Special components are great, but given that it is recommended they be difficult (if not impossible) to purchase, it relies heavily on the character actually encountering the specific monster whose components can be used for the specific ceremony they want to perform. They're the 'you actually have the perfect materials for this' option, and work the best as a result, but are not the most common way you're going to perform ceremonies.

Self-mutilation is barely useful at all until reaching mid-levels. A first-level ceremonialist can use it solely to perform a first level ceremony methodically, at a high risk of a mortal wound; I think it's very unlikely for a situation to arise where someone urgently needs this six-hour ceremony performed right now. I feel like in general, if you can wait six hours for the casting, you can wait a few days for the components.

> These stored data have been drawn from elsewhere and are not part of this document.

(* Since Sigma is complete, u_C = sum_(rho in C) u_rho lies in a cone sigma of
   Sigma.  As u_C is rational, it is a nonnegative rational combination of the
   rays of sigma (rational solutions of a rational linear system are dense in
   its real solutions); clearing denominators gives
   k u_C = sum_(rho in sigma(1)) c_rho u_rho with c_rho in N, so that
   lambda := c - k e_C lies in Gamma(G).  The weights of lambda are nonnegative
   outside C, hence lambda(t) x converges as t -> 0 when x vanishes on C.  For
   an ample D with Cartier data m_tau on a maximal cone tau containing sigma,
   <chi_D, lambda> = sum_rho (a_rho + <m_tau, u_rho>) lambda_rho: the terms
   with rho in tau(1) vanish, the others are (positive) * (nonpositive), and one
   of them is negative because C is not contained in tau(1).  When Sigma is
   simplicial the coefficients of u_C on sigma are unique, which identifies
   -lambda with k times the primitive relation. *)

Lemma limit_exists_nonneg (R : realType) r (lam : 'I_r -> int) (x : 'I_r -> R[i]) :
  (forall j, x j != 0 -> 0 <= lam j) -> limit_exists lam x.
Proof.
move=> lam_ge0.
exists (fun j => if lam j == 0 then x j else 0) => e e_gt0.
pose B : R := \sum_j complex.Re `|x j|.
have Re_norm_ge0 j : 0 <= complex.Re `|x j| by rewrite normc_def /= sqrtr_ge0.
have B_ge0 : 0 <= B by exact: sumr_ge0.
have normx_le j : `|x j| <= (B%:C)%C.
  have -> : `|x j| = ((complex.Re `|x j|)%:C)%C by case: (x j).
  by rewrite lecR /B (bigD1 j) // lerDl; exact: sumr_ge0.
pose d := e / (e + 1 + B).
have d_gt0 : 0 < d by rewrite divr_gt0 //; lra.
have d_lt1 : d < 1 by rewrite ltr_pdivrMr ?mul1r; lra.
have dB_lt : d * B < e.
  rewrite mulrAC ltr_pdivrMr; last lra.
  by have := mulr_ge0 (ltW e_gt0) B_ge0; nra.
exists d => // t _ t_lt j.
have [->|xj_neq0] := eqVneq (x j) 0; first by rewrite mulr0 if_same subrr normr0 ltcR.
case: (lam j) (lam_ge0 _ xj_neq0) => // [[|m]] _ /=.
  by rewrite expr0z mul1r subrr normr0 ltcR.
have t_lt1 : `|t| < 1 by rewrite (lt_trans t_lt) // ltcR.
have tm_le : `|t| ^+ m.+1 <= (d%:C)%C.
  by rewrite (le_trans _ (ltW t_lt)) // exprSr ler_piMl // exprn_ile1 // ltW.
rewrite /= subr0 normrM normrX.
apply: (@le_lt_trans _ _ ((d%:C)%C * (B%:C)%C)); last by rewrite -rmorphM ltcR.
by rewrite ler_pM ?exprn_ge0.
Qed.

Lemma exists_maximal_cone r (Sigma : {set {set 'I_r}}) S :
  S \in Sigma -> exists2 T, maximal_cone Sigma T & S \subset T.
Proof.
move=> S_in; have [T /maxsetP[T_in T_max] ST] := @maxset_exists _ (mem Sigma) S S_in.
exists T => //; split=> // T' T'_in.
apply/negP => /properP[TT' [i iT' iT]].
by move: iT; rewrite -(T_max T' T'_in TT') iT'.
Qed.

Lemma relint_cone_subset (R : realType) n r (u : 'I_r -> 'rV[int]_n) Sigma S T
    (v : 'rV[R]_n) :
  is_fan R u Sigma -> S \in Sigma -> T \in Sigma ->
  in_relint R u S v -> in_cone R u T v -> S \subset T.
Proof.
move=> [_ [_ [_ [rays [_ inter]]]]] S_in T_in [vS v_relint] vT.
have [face_ST _] := inter S T S_in T_in.
apply/subsetP => i iS.
have [_ /(rays T T_in i).1 //] :=
  v_relint _ face_ST (conj vS vT) (uR R u i) ((rays S S_in i).2 iS).
Qed.

Section Pairing.
Variables (n r : nat) (u : 'I_r -> 'rV[int]_n) (Sigma : {set {set 'I_r}}).

Lemma dotZ_sum (m : 'rV[int]_n) (c : 'I_r -> int) :
  dotZ m (\sum_j c j *: u j) = \sum_j c j * dotZ m (u j).
Proof.
rewrite /dotZ; under eq_bigr do rewrite summxE mulr_sumr.
rewrite exchange_big /=; apply: eq_bigr => j _.
by rewrite mulr_sumr; apply: eq_bigr => k _; rewrite mxE mulrCA.
Qed.

Lemma pairing_in_Gamma (a lam : 'I_r -> int) (m : 'rV[int]_n) :
  in_Gamma u lam -> pairing a lam = \sum_j (a j + dotZ m (u j)) * lam j.
Proof.
move=> lam_Gamma.
have m_lam : \sum_j lam j * dotZ m (u j) = 0.
  by rewrite -dotZ_sum lam_Gamma /dotZ big1 // => k _; rewrite mxE mulr0.
transitivity (pairing a lam + \sum_j lam j * dotZ m (u j)); first by rewrite m_lam addr0.
rewrite -big_split.
by apply: eq_bigr => j _ /=; rewrite mulrDl [dotZ _ _ * _]mulrC.
Qed.

Lemma ample_pairing_lt0 (a lam : 'I_r -> int) T j0 :
  ample u Sigma a -> in_Gamma u lam -> maximal_cone Sigma T ->
  (forall j, j \notin T -> lam j <= 0) -> j0 \notin T -> lam j0 < 0 ->
  pairing a lam < 0.
Proof.
move=> [m [m_eq m_gt]] lam_Gamma T_max lam_le0 j0T lam_j0.
have coef_gt0 j : j \notin T -> 0 < a j + dotZ (m T) (u j).
  by move=> jT; rewrite addrC -[a j]opprK subr_gt0 m_gt.
have term_le0 j : (a j + dotZ (m T) (u j)) * lam j <= 0.
  have [jT|jT] := boolP (j \in T); first by rewrite m_eq ?T_max.1 // addrN mul0r.
  by rewrite pmulr_rle0 ?coef_gt0 ?lam_le0.
rewrite (pairing_in_Gamma a (m T) lam_Gamma) (bigD1 j0) //=.
rewrite -[0]addr0 ltr_leD ?pmulr_rlt0 ?coef_gt0 //.
by apply: sumr_le0 => j _; exact: term_le0.
Qed.

End Pairing.

Lemma common_denominator (I : finType) (q : I -> rat) :
  exists2 k : nat, (0 < k)%N & exists c : I -> int, forall j, (c j)%:~R = k%:R * q j.
Proof.
exists (\prod_j `|denq (q j)|)%N.
  by rewrite prodn_gt0 // => j; rewrite absz_gt0 denq_neq0.
exists (fun j => numq (q j) * \prod_(i | i != j) denq (q i)) => j.
have denE i : (`|denq (q i)|%:R : rat) = (denq (q i))%:~R.
  by rewrite natr_absz gtr0_norm ?denq_gt0.
rewrite natr_prod [in RHS](bigD1 j) //= intrM numqE rmorph_prod /= denE.
by under [in RHS]eq_bigr do rewrite denE; ring.
Qed.

Lemma rat_row_near (R : archiRealFieldType) m (D : 'rV[R]_m) (d : R) :
  0 < d -> exists E : 'rV[rat]_m, forall l, `|ratr (E 0 l) - D 0 l| < d.
Proof.
move=> d_gt0.
have near l : exists q : rat, `|ratr q - D 0 l| < d.
  have [q] := @rat_in_itvoo R (D 0 l - d) (D 0 l + d) ltac:(lra).
  by rewrite in_itv /= => ltq; exists q; rewrite ltr_distl.
by exists (\row_l xchoose (near l)) => l; rewrite mxE; exact: (xchooseP (near l)).
Qed.

Lemma norm_mulmx_le (R : realFieldType) m p (v : 'rV[R]_m) (K : 'M[R]_(m, p)) (d : R) j :
  (forall l, `|v 0 l| <= d) -> `|(v *m K) 0 j| <= d * \sum_l `|K l j|.
Proof.
move=> v_le; rewrite mxE mulr_sumr (le_trans (ler_norm_sum _ _ _)) //.
by apply: ler_sum => l _; rewrite normrM ler_wpM2r.
Qed.
(* Suppose system $(\Sigma)$ has stochastic relative degree $r$ at $\bar x$ and that the row vectors $\frac{\partial h}{\partial x}(\bar x),\frac{\partial \mathcal S_{f,l}h}{\partial x}(\bar x),\dots,\frac{\partial \mathcal S^{r-1}_{f,l}h}{\partial x}(\bar x)$ are linearly independent. Set $\phi_i(x)=\mathcal S^{i-1}_{f,l}h(x)$ for $i=1,\dots,r$. If $r<n$, there exist smooth real-valued functions $\phi_{r+1},\dots,\phi_n$ such that the Jacobian of $\Phi(x)=[\phi_1(x),\dots,\phi_n(x)]^\top$ is invertible at $\bar x$, so that $\Phi$ is a coordinate transformation on a neighbourhood of $\bar x$. In the coordinates $z_t=\Phi(x_t)$ system $(\Sigma)$ reads $$\dot z_i=z_{i+1}\ (i=1,\dots,r-1),\quad \dot z_r=c(\xi_t,z_t)+b(\xi_t,z_t)u+a(z_t)u^2,$$ $$\dot z_j=p_j(\xi_t,z_t)+q_j(\xi_t,z_t)u+s_j(z_t)u^2\ (j=r+1,\dots,n),\quad y_t=z_1,$$ where $c(\xi,z)=\mathcal S^r_{f,l}h(\xi,\Phi^{-1}(z))$, $b(\xi,z)=\mathcal A_{l,m,g}\mathcal S^{r-1}_{f,l}h(\xi,\Phi^{-1}(z))$, $a(z)=\frac12H_{m,m}\mathcal S^{r-1}_{f,l}h(\Phi^{-1}(z))$, $p_j(\xi,z)=\mathcal S_{f,l}\phi_j(\xi,\Phi^{-1}(z))$, $q_j(\xi,z)=\mathcal A_{l,m,g}\phi_j(\xi,\Phi^{-1}(z))$, $s_j(z)=\frac12H_{m,m}\phi_j(\Phi^{-1}(z))$; in particular $c,b,p_j,q_j$ are affine in $\xi$.
   Context: System $(\Sigma)$: $dx_t=(f(x_t)+g(x_t)u)dt+(l(x_t)+m(x_t)u)d\mathcal W_t$, $y_t=h(x_t)$, Itô sense, $x_t\in\mathbb R^n$, $u,y_t\in\mathbb R$, all maps smooth, $\mathcal W_t$ scalar standard Brownian motion, unique solutions; equivalently $\dot x_t=f+gu+(l+mu)\xi_t$ with $\xi_t=\dot{\mathcal W}_t$ generalised white noise; derivatives computed by Itô's formula. Notation: $L_fh=\frac{\partial h}{\partial x}f$; $H_{f,g}h=g^\top\frac{\partial^2h}{\partial x^2}f$; $\mathcal S_{f,l}h(\xi,x)=L_fh(x)+L_lh(x)\xi+\frac12H_{l,l}h(x)$ (defined for any smooth $h$), iterates $\mathcal S^k_{f,l}h=\mathcal S_{f,l}\mathcal S^{k-1}_{f,l}h$ defined when $\mathcal S^{k-1}_{f,l}h$ does not depend on $\xi$, $\mathcal S^0_{f,l}h=h$; $\mathcal A_{l,m,g}h(\xi,x)=L_gh(x)+L_mh(x)\xi+H_{l,m}h(x)$. Stochastic relative degree $r$ at $\bar x$: (ND) $L_l\mathcal S^k_{f,l}h=0$ and $L_m\mathcal S^k_{f,l}h=0$ near $\bar x$ for $k\in\{0,\dots,r-2\}$; (CD) $L_g\mathcal S^k_{f,l}h+H_{l,m}\mathcal S^k_{f,l}h=0$, $L_m\mathcal S^k_{f,l}h=0$, $H_{m,m}\mathcal S^k_{f,l}h=0$ near $\bar x$ for $k\in\{0,\dots,r-2\}$; (RD) at $\bar x$, $L_g\mathcal S^{r-1}_{f,l}h+H_{l,m}\mathcal S^{r-1}_{f,l}h\ne0$ or $L_m\mathcal S^{r-1}_{f,l}h\ne0$ or $H_{m,m}\mathcal S^{r-1}_{f,l}h\ne0$. *)

From HB Require Import structures.
From mathcomp Require Import all_boot all_order all_algebra.
From mathcomp Require Import all_classical all_reals all_analysis.
Set Implicit Arguments. Unset Strict Implicit. Unset Printing Implicit Defensive.
Import Order.TTheory GRing.Theory Num.Theory.
Import numFieldNormedType.Exports.
Local Open Scope ring_scope.
Lemma csum_swap (f : nat -> nat -> C) n m :
  csum (fun a => csum (fun b => f a b) m) n = csum (fun b => csum (fun a => f a b) n) m.
Proof.
  induction n; cbn.
  - symmetry; apply csum_eq0; reflexivity.
  - rewrite IHn, <- csum_plus. reflexivity.
Qed.

Lemma csum_single (f : nat -> C) n k :
  (k < n)%nat -> (forall a, (a < n)%nat -> a <> k -> f a = 0) -> csum f n = f k.
Proof.
  induction n; intros Hk H; [lia|]. cbn.
  destruct (Nat.eq_dec k n) as [->|Hne].
  - rewrite csum_eq0 by (intros; apply H; lia). ring.
  - rewrite IHn, (H n) by (try lia; intros; apply H; lia). ring.
Qed.

Lemma csum_mult (f g : nat -> C) n m : csum f n * csum g m = csum (fun b => csum (fun a => f a * g b) n) m.
Proof.
  rewrite <- csum_mult_l. apply csum_ext. intros b _.
  rewrite Cmult_comm, <- csum_mult_l. apply csum_ext. intros; ring.
Qed.

End FiniteSums.

(** * Szegő recursion *)

Definition deg_le (d : nat) (p : nat -> C) : Prop := forall a, (d < a)%nat -> p a = RtoC 0.

Definition mulX (p : nat -> C) (a : nat) : C := match a with O => RtoC 0 | S b => p b end.

Definition reversed (d : nat) (p : nat -> C) (a : nat) : C :=
  if Nat.leb a d then Cconj (p (d - a)%nat) else RtoC 0.

Definition poly1 (a : nat) : C := if Nat.eqb a 0 then RtoC 1 else RtoC 0.

(* [T a b] stands for the moment <z^a, z^b> = ∫ z^a conj(z)^b dμ and [p : nat -> C] for the
   coefficients of a polynomial of degree at most [d]; [inner_pow T d p j] is then <p, z^j>. *)
Definition inner_pow (T : nat -> nat -> C) (d : nat) (p : nat -> C) (j : nat) : C :=
  csum (fun a => p a * T a j)%C (S d).

Definition inner (T : nat -> nat -> C) (d : nat) (p q : nat -> C) : C :=
  csum (fun b => Cconj (q b) * inner_pow T d p b)%C (S d).

Definition toeplitz (T : nat -> nat -> C) : Prop := forall a b, T (S a) (S b) = T a b.
Definition hermitian (T : nat -> nat -> C) : Prop := forall a b, T b a = Cconj (T a b).
Definition positive_definite (T : nat -> nat -> C) : Prop :=
  forall d p, deg_le d p -> (exists a, p a <> RtoC 0) -> 0 < Re (inner T d p p).

(* Monic orthogonal polynomials: Φ_(n+1) = z Φ_n - conj(α_n) Φ_n^*, where
   conj(α_n) = <z Φ_n, 1> / <Φ_n, Φ_n> is [szego_coef T n]. *)
Fixpoint opuc (T : nat -> nat -> C) (n : nat) : nat -> C :=
  match n with
  | O => poly1
  | S m => let P := opuc T m in
      fun a => (mulX P a - inner_pow T (S m) (mulX P) 0 / inner_pow T m P m * reversed m P a)%C
  end.

Definition opuc_norm2 (T : nat -> nat -> C) (n : nat) : C := inner_pow T n (opuc T n) n.

Definition szego_coef (T : nat -> nat -> C) (n : nat) : C :=
  (inner_pow T (S n) (mulX (opuc T n)) 0 / opuc_norm2 T n)%C.

Definition verblunsky (T : nat -> nat -> C) (n : nat) : C := Cconj (szego_coef T n).

Section InnerPow.
Local Open Scope C_scope.
Variable T : nat -> nat -> C.
(* Let $\|\cdot\|_{(i)}$, $i\in[k]$, be norms on a finite-dimensional real inner product space $V$ with dual norms $\|\cdot\|^\circ_{(i)}$, let $0\neq x_0\in V$, $\mu_i^\ast=1/\|x_0\|_{(i)}$ and $\|x\|_{\max,\mu^\ast}=\max_i\mu^\ast_i\|x\|_{(i)}$ (so $\|x_0\|_{\max,\mu^\ast}=1$). Then for every $g\in V$, $$\inf_{y\in\mathrm{cone}\,\partial\|\cdot\|_{\max,\mu^\ast}(x_0)}\|g-y\|_2=\inf_{y\in\sum_{i=1}^k\mathrm{cone}\,\partial\|\cdot\|_{(i)}(x_0)}\|g-y\|_2$$ and this equals $$\inf\Big\{\Big\|g-\sum_{i=1}^k x_i\Big\|_2:\ \tau_i\ge0,\ x_i\in V,\ \langle x_i,x_0\rangle=\tau_i\|x_0\|_{\max,\mu^\ast},\ \|x_i\|^\circ_{(i)}\le\tau_i\mu^\ast_i\ \forall i\Big\}.$$
   Context: $\partial$ denotes the subdifferential; $\mathrm{cone}(S)=\{\tau x:x\in S,\tau>0\}$; sums of sets are Minkowski sums; the dual norm of $\|\cdot\|$ is $\|y\|^\circ=\sup_{\|x\|=1}|\langle x,y\rangle|$. *)

From Stdlib Require Import Reals Lra ClassicalEpsilon.
Open Scope R_scope.

Fixpoint gsum {A : Type} (zero : A) (add : A -> A -> A) (f : nat -> A) (n : nat) : A :=
  match n with
  | O => zero
  | S m => add (gsum zero add f m) (f m)
  end.

Record IPS := {
  car :> Type;
  vzero : car;
  vadd : car -> car -> car;
  vscal : R -> car -> car;
  inner : car -> car -> R;
  vadd_assoc : forall x y z, vadd x (vadd y z) = vadd (vadd x y) z;
  vadd_comm : forall x y, vadd x y = vadd y x;
  vadd_0 : forall x, vadd x vzero = x;
  vadd_opp : forall x, vadd x (vscal (-1) x) = vzero;
  vscal_1 : forall x, vscal 1 x = x;
  vscal_assoc : forall a b x, vscal a (vscal b x) = vscal (a * b) x;
  vscal_distr_v : forall a x y, vscal a (vadd x y) = vadd (vscal a x) (vscal a y);
  vscal_distr_s : forall a b x, vscal (a + b) x = vadd (vscal a x) (vscal b x);
  inner_sym : forall x y, inner x y = inner y x;
  inner_add_l : forall x y z, inner (vadd x y) z = inner x z + inner y z;
  inner_scal_l : forall a x y, inner (vscal a x) y = a * inner x y;
  inner_pos : forall x, 0 <= inner x x;
  inner_def : forall x, inner x x = 0 -> x = vzero;
  fin_dim : exists (n : nat) (e : nat -> car), forall v, exists c : nat -> R,
      v = gsum vzero vadd (fun i => vscal (c i) (e i)) n
}.

Arguments vzero {_}. Arguments vadd {_}. Arguments vscal {_}. Arguments inner {_}.

Definition vsub {V : IPS} (x y : V) : V := vadd x (vscal (-1) y).
Definition vsum {V : IPS} (f : nat -> V) (k : nat) : V := gsum vzero vadd f k.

I understand that the idea is to make ceremonialists like their place of power, but I just feel like they are too tied to it. I think I'd rather see it be something like requiring you to visit your place of power (congregation/sinkhole of evil/what have you) once a week and perform an hour-long ritual in order to collect the divine power from it. (Or not at all for sinkholes of evil, honestly, given that you already need to be in a sinkhole to perform blood sacrifice, and that the divine power expires every day, and you already get ambient power from a sinkhole...my feeling is that there's already enough restrictions on power from sacrifice.)

Alex
The Autarch
Joined: 2011-06-30 18:10

Thanks for the feedback.

I didn't intend for the rules to suggest that special components should be impossible to find. If that is how it's being read I may have to revise. It is important that Judges shouldn't allow players to simply convert gold to special components on an unlimited basis at any time and place, that's all.

My expectation is that adventuring ceremonialists will primarily use special components, trinkets, and talismans to cast spells. 

The two primary ceremonialist classes (loremaster and occultist) both begin play with a ceremonial talisman that will let them cast 1 1st level spell per day. That gives them the spell casting ability of a standard ACKS mage. Within a few levels they will be able to afford additional trinkets and talismans. The rules also suggest that ceremonial bladedancers, craftpriests, shamans, and witches also begin play with personal talismans. Ecclesiastics and runemasters don't begin with a personal talisman but they have many other useful abilities at first level. 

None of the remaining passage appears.